(Data for the task begins)

(* Let $n\ge 2$ and let $f(x)=\sum_{i=0}^n a_i x^i$ be a polynomial with complex coefficients and $a_n\neq 0$. Write $f(x)=a_n(x+x_1)(x+x_2)\cdots(x+x_n)$ with $x_1,\dots,x_n\in\mathbb{C}$, taken in any order. Define the characteristic roots $b_1,\dots,b_{n-1}$ by the relations $x_i=x_{i-1}+\sum_{j=1}^{i-1}b_j$ for $i=2,\dots,n$. Let $B_n=(b_1,\dots,b_{n-1})^T$, and let $H_n=(h_{ij})_{1\le i,j\le n-1}$ be the symmetric matrix whose entries for $i\ge j$ are $$h_{ij}=\frac{1}{6}\Big(ni^3-\tfrac{3}{2}n(n+1)i^2+\tfrac{1}{2}n(3n+1)i+\tfrac{1}{2}(n^4-n^2)\Big)-\frac{1}{4}\big(i^2-(2n+1)i+n(n+1)\big)(j-1)j,$$ and $h_{ij}=h_{ji}$ for $i<j$. Then the characteristic discriminant $D_n=(n-1)!^2a_{n-1}^2-2\,n!\,(n-2)!\,a_na_{n-2}$ satisfies $$D_n=(n-1)!\,(n-2)!\,a_n^2\,B_n^TH_nB_n,$$ equivalently $B_n^TH_nB_n=\dfrac{1}{a_n^2}\big((n-1)a_{n-1}^2-2na_na_{n-2}\big)$. In particular, $H_n$ has constant positive integer entries depending only on $n$.
   Context: The numbers $-x_1,\dots,-x_n$ are the roots of $f$ listed with multiplicity. The defining relations are equivalent to $b_1=x_2-x_1$ and $b_j=x_{j+1}-2x_j+x_{j-1}$ for $2\le j\le n-1$. For $n=2$ the matrix $H_2=[1]$. *)

From HB Require Import structures.
From mathcomp Require Import all_boot all_order all_algebra.
From mathcomp Require Import complex.
From mathcomp Require Import reals.
Set Implicit Arguments. Unset Strict Implicit. Unset Printing Implicit Defensive.
Import Order.TTheory GRing.Theory Num.Theory.
Local Open Scope ring_scope.

(* Entry h_{ij} of H_n for 1-based indices i >= j, as a rational number. *)
Definition h_low (n i j : nat) : rat :=
  let N := n%:R : rat in let I := i%:R : rat in let J := j%:R : rat in
  (1/6) * (N * I ^+ 3 - (3/2) * N * (N + 1) * I ^+ 2
           + (1/2) * N * (3 * N + 1) * I + (1/2) * (N ^+ 4 - N ^+ 2))
  - (1/4) * (I ^+ 2 - (2 * N + 1) * I + N * (N + 1)) * (J - 1) * J.

Definition h_entry (n i j : nat) : rat :=
  if (j <= i)%N then h_low n i j else h_low n j i.

Definition Hmx (n : nat) : 'M[rat]_(n.-1) :=
  \matrix_(i < n.-1, j < n.-1) h_entry n i.+1 j.+1.

Definition Bvec (C : Type) (n : nat) (b : nat -> C) : 'cV[C]_(n.-1) :=
  \col_(i < n.-1) b i.+1.

From HB Require Import structures.
From mathcomp Require Import all_boot all_order all_algebra.
From mathcomp Require Import complex.
From mathcomp Require Import reals.
From mathcomp Require Import ring zify.
Set Implicit Arguments. Unset Strict Implicit. Unset Printing Implicit Defensive.
Import Order.TTheory GRing.Theory Num.Theory.
Local Open Scope ring_scope.

(* Unwinding the recursion gives x_(k+1) = x_1 + sum_i (k - i)_+ b_(i+1), and
   h_(i+1)(j+1) = n sum_k (k-i)_+ (k-j)_+ - (sum_k (k-i)_+) (sum_k (k-j)_+) with k
   ranging over 0..n-1, i.e. H_n is n^2 times the covariance matrix of the ramp
   vectors ((k - i)_+)_k.  Hence B^T H B = n sum_k x_k^2 - (sum_k x_k)^2, which
   does not see the shift x_1 and equals (n - 1) e_1^2 - 2 n e_2 in the
   elementary symmetric functions of the x_k; Vieta turns this into the
   discriminant.  Lagrange's identity
   n sum u v - sum u sum v = sum_(k<l) (u_l - u_k)(v_l - v_k) writes each entry
   of H_n as a sum of products of nondecreasing ramp increments, which are
   natural numbers; the term (l, k) = (n-1, n-2) equals 1. *)

Section Covariance.
Variable R : comNzRingType.
Implicit Types (u v : nat -> R) (N : nat).

Definition cov N u v : R :=
  N%:R * \sum_(k < N) u k * v k - (\sum_(k < N) u k) * (\sum_(k < N) v k).

Lemma eq_cov N (u u' v v' : nat -> R) :
  (forall k, (k < N)%N -> u k = u' k) -> (forall k, (k < N)%N -> v k = v' k) ->
  cov N u v = cov N u' v'.
Proof.
move=> eq_u eq_v; rewrite /cov.
by congr (_ * _ - _ * _); apply: eq_bigr => k _; rewrite ?eq_u ?eq_v.
Qed.

Lemma covC N u v : cov N u v = cov N v u.
Proof.
rewrite /cov [X in _ - X]mulrC; congr (_ * _ - _).
by apply: eq_bigr => k _; rewrite mulrC.
Qed.

Lemma covS N u v :
  cov N.+1 u v = cov N u v + \sum_(k < N) (u N - u k) * (v N - v k).
Proof.
rewrite /cov !big_ord_recr /=.
under [X in _ = _ + X]eq_bigr => k _ do rewrite mulrBl !mulrBr.
rewrite !sumrB -!mulr_sumr -!mulr_suml sumr_const card_ord -mulr_natr.
rewrite -natr1; ring.
Qed.

Lemma cov_lagrange N u v :
  cov N u v = \sum_(l < N) \sum_(k < l) (u l - u k) * (v l - v k).
Proof.
elim: N => [|N IH]; first by rewrite /cov !big_ord0 mul0r subrr.
by rewrite covS IH [in RHS]big_ord_recr.
Qed.

Lemma cov_shift N a c u v :
  cov N (fun k => a + u k) (fun k => c + v k) = cov N u v.
Proof.
rewrite /cov.
under eq_bigr => k _ do rewrite mulrDl !mulrDr.
rewrite !big_split /= -!mulr_sumr -!mulr_suml !sumr_const card_ord.
rewrite -[a *+ N]mulr_natr -[c *+ N]mulr_natr; ring.
Qed.

Lemma cov_suml N m (a : nat -> R) (w : nat -> nat -> R) v :
  cov N (fun k => \sum_(i < m) a i * w i k) v = \sum_(i < m) a i * cov N (w i) v.
Proof.
have sum_comb (F : nat -> nat -> R) :
    \sum_(k < N) \sum_(i < m) a i * F i k = \sum_(i < m) a i * \sum_(k < N) F i k.
  by rewrite exchange_big; apply: eq_bigr => i _; rewrite mulr_sumr.
have sum_combM : \sum_(k < N) (\sum_(i < m) a i * w i k) * v k
    = \sum_(i < m) a i * \sum_(k < N) w i k * v k.
  rewrite -(sum_comb (fun i k => w i k * v k)); apply: eq_bigr => k _.
  by rewrite mulr_suml; apply: eq_bigr => i _; rewrite mulrA.
rewrite /cov sum_combM sum_comb mulr_sumr mulr_suml -sumrB.
by apply: eq_bigr => i _; ring.
Qed.

Lemma cov_sum_quad N m (b : nat -> R) (w : nat -> nat -> R) :
  cov N (fun k => \sum_(i < m) b i * w i k) (fun k => \sum_(i < m) b i * w i k)
  = \sum_(j < m) (\sum_(i < m) b i * cov N (w i) (w j)) * b j.
Proof.
rewrite cov_suml.
under eq_bigr => i _ do rewrite covC cov_suml mulr_sumr.
rewrite exchange_big /=; apply: eq_bigr => j _; rewrite mulr_suml.
by apply: eq_bigr => i _; rewrite covC; ring.
Qed.

End Covariance.

(* [(k - i)%N] is truncated, so [ramp R i] is the hinge [k |-> max(k - i, 0)]. *)
Definition ramp (R : nzSemiRingType) (i k : nat) : R := (k - i)%:R.

Lemma rampSr (R : nzSemiRingType) i k : ramp R i k.+1 = ramp R i k + (i <= k)%N%:R.
Proof.
rewrite /ramp; case: leqP => [le_ik | lt_ki]; first by rewrite subSn // -natr1.
by rewrite (eqP lt_ki) (eqP (ltnW lt_ki)) addr0.
Qed.

Lemma sum_ramp (i N : nat) :
  \sum_(k < i + N) ramp rat i k = N%:R * (N%:R - 1) / 2.
Proof.
elim: N => [|N IH].
  rewrite addn0 big1 ?mul0r // => k _.
  by rewrite /ramp (eqP (ltnW (ltn_ord k))).
by rewrite addnS big_ord_recr /= IH /ramp addKn -natr1; field.
Qed.

Lemma sum_ramp_mul (j d N : nat) :
  \sum_(k < j + d + N) ramp rat (j + d) k * ramp rat j k
  = N%:R * (N%:R - 1) * (2 * N%:R - 1) / 6 + d%:R * N%:R * (N%:R - 1) / 2.
Proof.
elim: N => [|N IH].
  rewrite addn0 big1 ?mul0r ?mulr0 ?addr0 // => k _.
  by rewrite /ramp (eqP (ltnW (ltn_ord k))) mul0r.
by rewrite addnS big_ord_recr /= IH /ramp addKn -addnA addKn natrD -natr1; field.
Qed.

Lemma cov_ramp_h_low (n i j : nat) :
  (j <= i <= n)%N -> cov n (ramp rat i) (ramp rat j) = h_low n i.+1 j.+1.
Proof.
case/andP=> /subnKC <- /subnKC <-.
set d := (i - j)%N; set N := (n - (j + d))%N.
by rewrite /cov sum_ramp_mul sum_ramp -addnA sum_ramp /h_low !natrD -!natr1; field.
Qed.

Lemma h_entry_cov_ramp n i j :
  (i < n.-1)%N -> (j < n.-1)%N ->
  h_entry n i.+1 j.+1 = cov n (ramp rat i) (ramp rat j).
Proof.
have le_n k : (k < n.-1)%N -> (k <= n)%N by move=> /leq_trans/(_ (leq_pred n))/ltnW.
move=> /le_n le_in /le_n le_jn.
rewrite /h_entry ltnS; case: (leqP j i) => [ji | /ltnW ij].
  by rewrite cov_ramp_h_low // ji le_in.
by rewrite covC cov_ramp_h_low // ij le_jn.
Qed.

Lemma ratr_cov_ramp (F : numFieldType) n i j :
  ratr (cov n (ramp rat i) (ramp rat j)) = cov n (ramp F i) (ramp F j).
Proof.
rewrite /cov rmorphB !rmorphM !rmorph_sum rmorph_nat.
by congr (_ * _ - _ * _); apply: eq_bigr => k _; rewrite ?rmorphM /ramp !rmorph_nat.
Qed.

Lemma Hmx_quad_form (F : numFieldType) n (b : nat -> F) :
  ((Bvec n b)^T *m map_mx (fun q : rat => ratr q) (Hmx n) *m Bvec n b) 0 0
  = cov n (fun k => \sum_(i < n.-1) b i.+1 * ramp F i k)
          (fun k => \sum_(i < n.-1) b i.+1 * ramp F i k).
Proof.
rewrite (cov_sum_quad _ _ (fun i => b i.+1)) mxE; apply: eq_bigr => j _.
rewrite !mxE; congr (_ * _); apply: eq_bigr => i _.
by rewrite !mxE h_entry_cov_ramp // ratr_cov_ramp.
Qed.

Lemma Hmx_pos_natr n (i j : 'I_n.-1) :
  exists k : nat, (0 < k)%N /\ Hmx n i j = k%:R.
Proof.
case: n => [|[|m]] in i j *; try by case: i.
set t := fun l k : nat => (((l - i) - (k - i)) * ((l - j) - (k - j)))%N.
exists (\sum_(l < m.+2) \sum_(k < l) t l k)%N; split.
  have unit_step (k : 'I_m.+1) : (m.+1 - k - (m - k) = 1)%N by have := ltn_ord k; lia.
  have last_term : t m.+1 m = 1%N by rewrite /t !unit_step.
  rewrite big_ord_recr /= [X in (_ + X)%N]big_ord_recr /= last_term; lia.
rewrite mxE h_entry_cov_ramp // cov_lagrange natr_sum; apply: eq_bigr => l _.
rewrite natr_sum; apply: eq_bigr => k _.
have mono a : (k - a <= l - a)%N by rewrite leq_sub2r // ltnW.
by rewrite /t natrM (natrB _ (mono i)) (natrB _ (mono j)).
Qed.

Lemma roots_ramp_expansion (R : comNzRingType) n (x b : nat -> R) :
  (forall k, (2 <= k <= n)%N -> x k = x k.-1 + \sum_(1 <= j < k) b j) ->
  forall k, (k < n)%N -> x k.+1 = x 1%N + \sum_(i < n.-1) b i.+1 * ramp R i k.
Proof.
move=> hb; elim=> [|k IH] lt_kn.
  by rewrite big1 ?addr0 // => i _; rewrite /ramp sub0n mulr0.
have le_kn : (k.+1 <= n.-1)%N by rewrite -ltnS prednK // (leq_ltn_trans _ lt_kn).
rewrite hb; last exact: lt_kn.
rewrite IH ?(ltnW lt_kn) // -addrA; congr (_ + _).
under [RHS]eq_bigr => i _ do rewrite rampSr mulrDr.
rewrite big_split /=; congr (_ + _).
rewrite big_add1 big_mkord /= (big_ord_widen n.-1 (fun i => b i.+1) le_kn) big_mkcond.
by apply: eq_bigr => i _; rewrite ltnS; case: leqP; rewrite ?mulr1 ?mulr0.
Qed.

Section ProdXaddC.
Variables (R : comNzRingType) (y : nat -> R).
Local Notation P m := (\prod_(k < m) ('X + (y k)%:P)).

Lemma coef_prod_XaddC_recr m j : (P m.+1)`_j.+1 = (P m)`_j + y m * (P m)`_j.+1.
Proof.
have -> : P m.+1 = P m * ('X + (y m)%:P) by rewrite big_ord_recr.
by rewrite mulrDr coefD coefMX coefMC mulrC.
Qed.

Lemma coef_prod_XaddC_lead m : (P m)`_m = 1.
Proof.
have -> : P m = \prod_(k < m) ('X - (- y k)%:P).
  by apply: eq_bigr => k _; rewrite polyCN opprK.
have /monicP <- := monic_prod_XsubC (index_enum 'I_m) xpredT (fun k => - y k).
by rewrite /lead_coef size_prod_XsubC /index_enum -enumT size_enum_ord.
Qed.

Lemma coef_prod_XaddC_e1 m : (P m.+1)`_m = \sum_(k < m.+1) y k.
Proof.
elim: m => [|m IH].
  by rewrite !big_ord1 coefD coefX coefC add0r.
by rewrite coef_prod_XaddC_recr IH coef_prod_XaddC_lead mulr1 [RHS]big_ord_recr.
Qed.

Lemma coef_prod_XaddC_e2 m :
  2 * (P m.+2)`_m = (\sum_(k < m.+2) y k) ^+ 2 - \sum_(k < m.+2) y k ^+ 2.
Proof.
elim: m => [|m IH].
  rewrite !big_ord_recr !big_ord0 /= mul1r mulrDr coefD coefMX coefMC.
  by rewrite coefD coefX coefC /= add0r add0r; ring.
rewrite coef_prod_XaddC_recr mulrDr IH coef_prod_XaddC_e1.
by rewrite [in RHS]big_ord_recr [in RHS](big_ord_recr m.+2) /=; ring.
Qed.

End ProdXaddC.

Lemma char_discriminantE (R : comNzRingType) m (a2 a1 a0 S Q : R) :
  a1 = a2 * S -> 2 * a0 = a2 * (S ^+ 2 - Q) ->
  (m.+1)`!%:R ^+ 2 * a1 ^+ 2 - 2 * (m.+2)`!%:R * m`!%:R * a2 * a0
  = (m.+1)`!%:R * m`!%:R * a2 ^+ 2 * (m.+2%:R * Q - S ^+ 2).
Proof.
move=> -> e2.
have -> : 2 * (m.+2)`!%:R * m`!%:R * a2 * a0 = (m.+2)`!%:R * m`!%:R * a2 * (2 * a0).
  by ring.
by rewrite e2 !factS !natrM; ring.
Qed.

Theorem mainTheorem1 (R : realType) (n : nat) (hn : (2 <= n)%N)
    (f : {poly R[i]}) (hf : size f = n.+1)
    (x : nat -> R[i]) (b : nat -> R[i])
    (hfact : f = f`_n *: \prod_(1 <= k < n.+1) ('X + (x k)%:P))
    (hb : forall k, (2 <= k <= n)%N -> x k = x k.-1 + \sum_(1 <= j < k) b j) :
  let D := ((n.-1)`!)%:R ^+ 2 * f`_n.-1 ^+ 2
           - 2 * (n`!)%:R * ((n.-2)`!)%:R * f`_n * f`_n.-2 in
  (D%:M : 'M[R[i]]_1)
    = ((n.-1)`!)%:R * ((n.-2)`!)%:R * f`_n ^+ 2
        *: ((Bvec n b)^T *m map_mx (fun q : rat => ratr q) (Hmx n) *m Bvec n b)
  /\ (forall i j : 'I_n.-1, exists k : nat, (0 < k)%N /\ Hmx n i j = k%:R).
Proof.
move=> D; split; last exact: Hmx_pos_natr.
case: n hn hf @D hfact hb => [|[|m]] // _ _ D hfact hb.
have {}hfact : f = f`_m.+2 *: \prod_(k < m.+2) ('X + (x k.+1)%:P).
  by rewrite {1}hfact big_add1 big_mkord.
set S := \sum_(k < m.+2) x k.+1; set Q := \sum_(k < m.+2) x k.+1 ^+ 2.
have quad :
    ((Bvec m.+2 b)^T *m map_mx (fun q : rat => ratr q) (Hmx m.+2) *m Bvec m.+2 b) 0 0
    = m.+2%:R * Q - S ^+ 2.
  have shift k : (k < m.+2)%N ->
      x 1%N + \sum_(i < m.+1) b i.+1 * ramp _ i k = x k.+1.
    by move=> lt_k; rewrite (roots_ramp_expansion hb lt_k).
  rewrite (@Hmx_quad_form _ m.+2 b) -(cov_shift _ (x 1%N) (x 1%N)).
  by rewrite (eq_cov shift shift) /cov /S /Q.
apply/matrixP => p q; rewrite !ord1 mxE eqxx mulr1n [RHS]mxE quad /D /=.
apply: char_discriminantE; rewrite {1}hfact coefZ.
  by rewrite (coef_prod_XaddC_e1 (fun k => x k.+1)).
by rewrite mulrCA (coef_prod_XaddC_e2 (fun k => x k.+1)).
Qed.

(Data for the task ends)

Instructions for the task: Precisely the lines between those holding "have le_kn : (k.+1" and "have /monicP <- := monic_prod_XsubC", inclusive, are to be reproduced from the listing above, with nothing added.

Reply:
have le_kn : (k.+1 <= n.-1)%N by rewrite -ltnS prednK // (leq_ltn_trans _ lt_kn).
rewrite hb; last exact: lt_kn.
rewrite IH ?(ltnW lt_kn) // -addrA; congr (_ + _).
under [RHS]eq_bigr => i _ do rewrite rampSr mulrDr.
rewrite big_split /=; congr (_ + _).
rewrite big_add1 big_mkord /= (big_ord_widen n.-1 (fun i => b i.+1) le_kn) big_mkcond.
by apply: eq_bigr => i _; rewrite ltnS; case: leqP; rewrite ?mulr1 ?mulr0.
Qed.

Section ProdXaddC.
Variables (R : comNzRingType) (y : nat -> R).
Local Notation P m := (\prod_(k < m) ('X + (y k)%:P)).

Lemma coef_prod_XaddC_recr m j : (P m.+1)`_j.+1 = (P m)`_j + y m * (P m)`_j.+1.
Proof.
have -> : P m.+1 = P m * ('X + (y m)%:P) by rewrite big_ord_recr.
by rewrite mulrDr coefD coefMX coefMC mulrC.
Qed.

Lemma coef_prod_XaddC_lead m : (P m)`_m = 1.
Proof.
have -> : P m = \prod_(k < m) ('X - (- y k)%:P).
  by apply: eq_bigr => k _; rewrite polyCN opprK.
have /monicP <- := monic_prod_XsubC (index_enum 'I_m) xpredT (fun k => - y k).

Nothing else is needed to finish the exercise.